Allergen-induced activation of epithelial P2Y receptors promotes ATP exocytosis and type 2 immunity in airways.

Background: Environmental allergens induce the release of danger signals from the airway epithelium that trigger type 2 immune responses and promote airway inflammation.

Objective: To investigate the role of allergen-stimulated P2Y receptor activation in regulating ATP, IL-33 and DNA release by human bronchial epithelial (hBE) cells and mouse airways.

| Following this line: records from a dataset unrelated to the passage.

Lemma X_injective_ae {d} {Omega : measurableType d} {R : realType}
    {P : probability Omega R} {E : countType} {Lam : Omega -> nat -> R}
    {X : E -> Omega -> nat * R} :
  (forall x, measurable_fun setT (X x)) ->
  (forall (n : nat) (xs : 'I_n -> E), injective xs ->
      forall B : 'I_n -> set (nat * R), (forall i, measurable (B i)) ->
      P (\bigcap_(i in [set: 'I_n]) (X (xs i) @^-1` B i)) =
      (\int[P]_w \prod_(i < n) unifC (Lam w) (B i))%E) ->
  {ae P, forall w, injective (X^~ w)}.
Proof.
move=> X_meas X_iid.
have law1 x (B : set (nat * R)) : measurable B ->
    P (X x @^-1` B) = (\int[P]_w unifC (Lam w) B)%E.
  move=> mB; have := X_iid 1%N (fun=> x) (fun i j _ => etrans (ord1 i) (esym (ord1 j)))
    (fun=> B) (fun=> mB).
  under eq_integral do rewrite big_ord1.
  move=> <-; congr (P _); apply/seteqP; split => w /=; first by move=> Bw i.
  by move=> /(_ ord0 I).
have law2 x y : x != y -> forall B : set (nat * R), measurable B ->
    P (X x @^-1` B `&` X y @^-1` B) = (\int[P]_w (unifC (Lam w) B * unifC (Lam w) B))%E.
  move=> xy B mB; pose xs (i : 'I_2) := if i == ord0 then x else y.
  have xs_inj : injective xs.
    move=> i j; rewrite /xs.
    case: (eqVneq i ord0) => [->|i0]; case: (eqVneq j ord0) => [->|j0] //.
    - by move=> exy; rewrite exy eqxx in xy.
    - by move=> eyx; rewrite eyx eqxx in xy.
    - by move=> _; apply/val_inj; case: i j i0 j0 => [[|[|i]] ?] [[|[|j]] ?].
  have := X_iid 2%N xs xs_inj (fun=> B) (fun=> mB).
  under eq_integral do rewrite big_ord_recl big_ord1.
  move=> <-; congr (P _); apply/seteqP; split => w /=.
    by move=> [Bx By] i _; rewrite /xs; case: ifP.
  by move=> H; split; [exact: (H ord0 I)|exact: (H ord_max I)].
have pair_ae : {ae P, forall w (p : E * E), p.1 != p.2 -> X p.1 w <> X p.2 w}.
  apply: ae_forall_count => -[x y] /=.
  have [->|xy] := eqVneq x y; first exact: filterE.
  have := coincidence_negligible (probability_le1 P measurableT) (X_meas x) (X_meas y)
    (fun B w => unifC_ge0 (Lam w) B) (fun k a b w => unifC_cell_le (Lam w) k a b) (law1 x)
    (law2 x y xy).
  by move/negligibleS; apply => w /= /not_implyP[_ /contrapT].
apply: filterS pair_ae => w Xinj x y Xxy; apply/eqP; apply: contraT => xy.
by case: (Xinj (x, y) xy Xxy).
Qed.

Local Open Scope fset_scope.
Theorem proposition4p2 (R : realType) (dm : measure_display) (Omega : measurableType dm)
  (P : probability Omega R) (E : countType)
  (E_infinite : infinite_set [set: E])
  (sigma : Omega -> {fset E} -> E -> E)
  (sigma_vperm : forall w, is_vperm (sigma w))
  (sigma_meas : forall (I : {fset E}) (x y : E), measurable [set w | sigma w I x = y])
  (* central law: each sigma_I has conjugation-invariant law *)
  (sigma_central : forall (I : {fset E}) (tau tau' : E -> E),
      {in I, forall x, tau x \in I} -> {in I, forall x, tau' x \in I} ->
      {in I, cancel tau tau'} -> {in I, cancel tau' tau} ->
      forall pi : E -> E,
      P [set w | {in I, sigma w I =1 pi}] =
      P [set w | {in I, (tau \o sigma w I \o tau') =1 pi}])
  (* lambda(x): L^1 limit of |I cap C_sigma(x)| / |I| as |I| -> oo *)
  (lam : E -> Omega -> R)
  (lam_meas : forall x, measurable_fun [set: Omega] (lam x))
  (lam_lim : forall (x : E) (eps : R), 0 < eps -> exists N : nat,
      forall I : {fset E}, (N <= #|` I|)%N ->
      (\int[P]_w `|(card_class (sigma w) I x)%:R / (#|` I|)%:R - lam x w|%:E
         <= eps%:E)%E)
  (* Delta(x,y): L^1 limit (on the event x ~ y) of k_I(x,y) / |I| *)
  (Delta : E -> E -> Omega -> R)
  (Delta_meas : forall x y, measurable_fun [set w | vequiv (sigma w) x y] (Delta x y))
  (Delta_lim : forall (x y : E) (eps : R), 0 < eps -> exists N : nat,
      forall I : {fset E}, x \in I -> y \in I -> (N <= #|` I|)%N ->
      (\int[P]_(w in [set w | vequiv (sigma w) x y])
          `|(kI (sigma w) I x y)%:R / (#|` I|)%:R - Delta x y w|%:E <= eps%:E)%E)
  (X : E -> Omega -> nat * R)
  (X_meas : forall x, measurable_fun [set: Omega] (X x))
  (* conditionally on (lambda_k), the X_x are i.i.d. uniform on C *)
  (X_cond_iid_unif : forall (n : nat) (xs : 'I_n -> E), injective xs ->
      forall B : 'I_n -> set (nat * R), (forall i, measurable (B i)) ->
      forall G : set Omega, <<s lam_generators (Lamk sigma lam) >> G ->
      P (G `&` \bigcap_(i in [set: 'I_n]) (X (xs i) @^-1` B i))%classic =
      (\int[P]_(w in G) \prod_(i < n) unifC (Lamk sigma lam w) (B i))%E)
  (X_L : {ae P, forall w, forall x, (X x w).1 = 0%N <-> vfixed (sigma w) x})
  (X_circle : {ae P, forall w, forall x y, x != y ->
      (vequiv (sigma w) x y <-> ((X x w).1 = (X y w).1 /\ (X x w).1 != 0%N)) /\
      (vequiv (sigma w) x y ->
         lam x w = Lamk sigma lam w (X x w).1 /\ lam y w = Lamk sigma lam w (X x w).1)})
  (X_delta : {ae P, forall w, forall x y, x != y -> vequiv (sigma w) x y ->
      exists m : int, Delta x y w - ((X y w).2 - (X x w).2) = m%:~R * lam x w}) :
  {ae P, forall w,
     bij_isometry (vdist (sigma w) (fun x => lam x w) (fun x y => Delta x y w))
                  (Cdist (Lamk sigma lam w))
                  [set X x w | x in [set: E]] (fun x => X x w)}.
Proof.
have G_setT : <<s lam_generators (Lamk sigma lam) >> setT.
  by case: (sigma_algebra_dynkin (smallest_sigma_algebra setT (lam_generators (Lamk sigma lam)))).
have X_iid n xs (xs_inj : injective xs) B (mB : forall i, measurable (B i)) :=
  etrans (congr1 P (esym (setTI _))) (X_cond_iid_unif n xs xs_inj B mB setT G_setT).
have X_inj := X_injective_ae X_meas X_iid.
have Delta_refl := Delta_refl_ae E_infinite Delta_meas Delta_lim.
apply: filter_app Delta_refl; apply: filter_app X_inj.
apply: filter_app X_delta; apply: filterS X_circle => w Xcircle Xdelta Xinj Delta0.
apply: embedding_bij_isometry => //.
- by move=> x y xy; exact: (Xcircle x y xy).1.
- by move=> x y xy xy_equiv; exact: ((Xcircle x y xy).2 xy_equiv).1.
Qed.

Methods: hBE cells were exposed to Alternaria alternata extract and secretion of ATP, IL-33 and DNA were studied in vitro. Molecular and cellular mechanisms were examined by biochemical and genetic approaches. Mice were treated intranasally (i.n.) with pharmacologic agents and exposed to Alternaria extract.

Results: Exposure of hBE cells to Alternaria extract stimulated P2Y receptors coupled to phospholipase Cβ, leading to activation of multiple PKC isoforms and an increase in intracellular Ca concentration. Small interfering RNAs (siRNAs) targeting PKCδ or inhibiting PKCδ activity with delcasertib blocked exocytosis of ATP and reduced IL-33 and DNA secretion. Moreover, a peptide antagonist for MARCKS reduced vesicular ATP release. A proximity ligand assay showed that Alternaria extract stimulated MARCKS desorption from the plasma membrane and delcasertib prevented the response. Finally, the P2Y receptor antagonist AR-C118925XX and delcasertib blocked IL-33, DNA and type 2 cytokine secretion in vivo in mice exposed to Alternaria.

Conclusion: P2Y receptor stimulation following allergen exposure promoted activation of PLCβ, PKCδ and MARCKS protein desorption from the apical membrane, which facilitated ATP exocytosis and subsequent secretion of IL-33 and DNA. Epithelial P2Y receptors serve as primary sensors for aeroallergen-induced alarmin release by airway epithelial cells.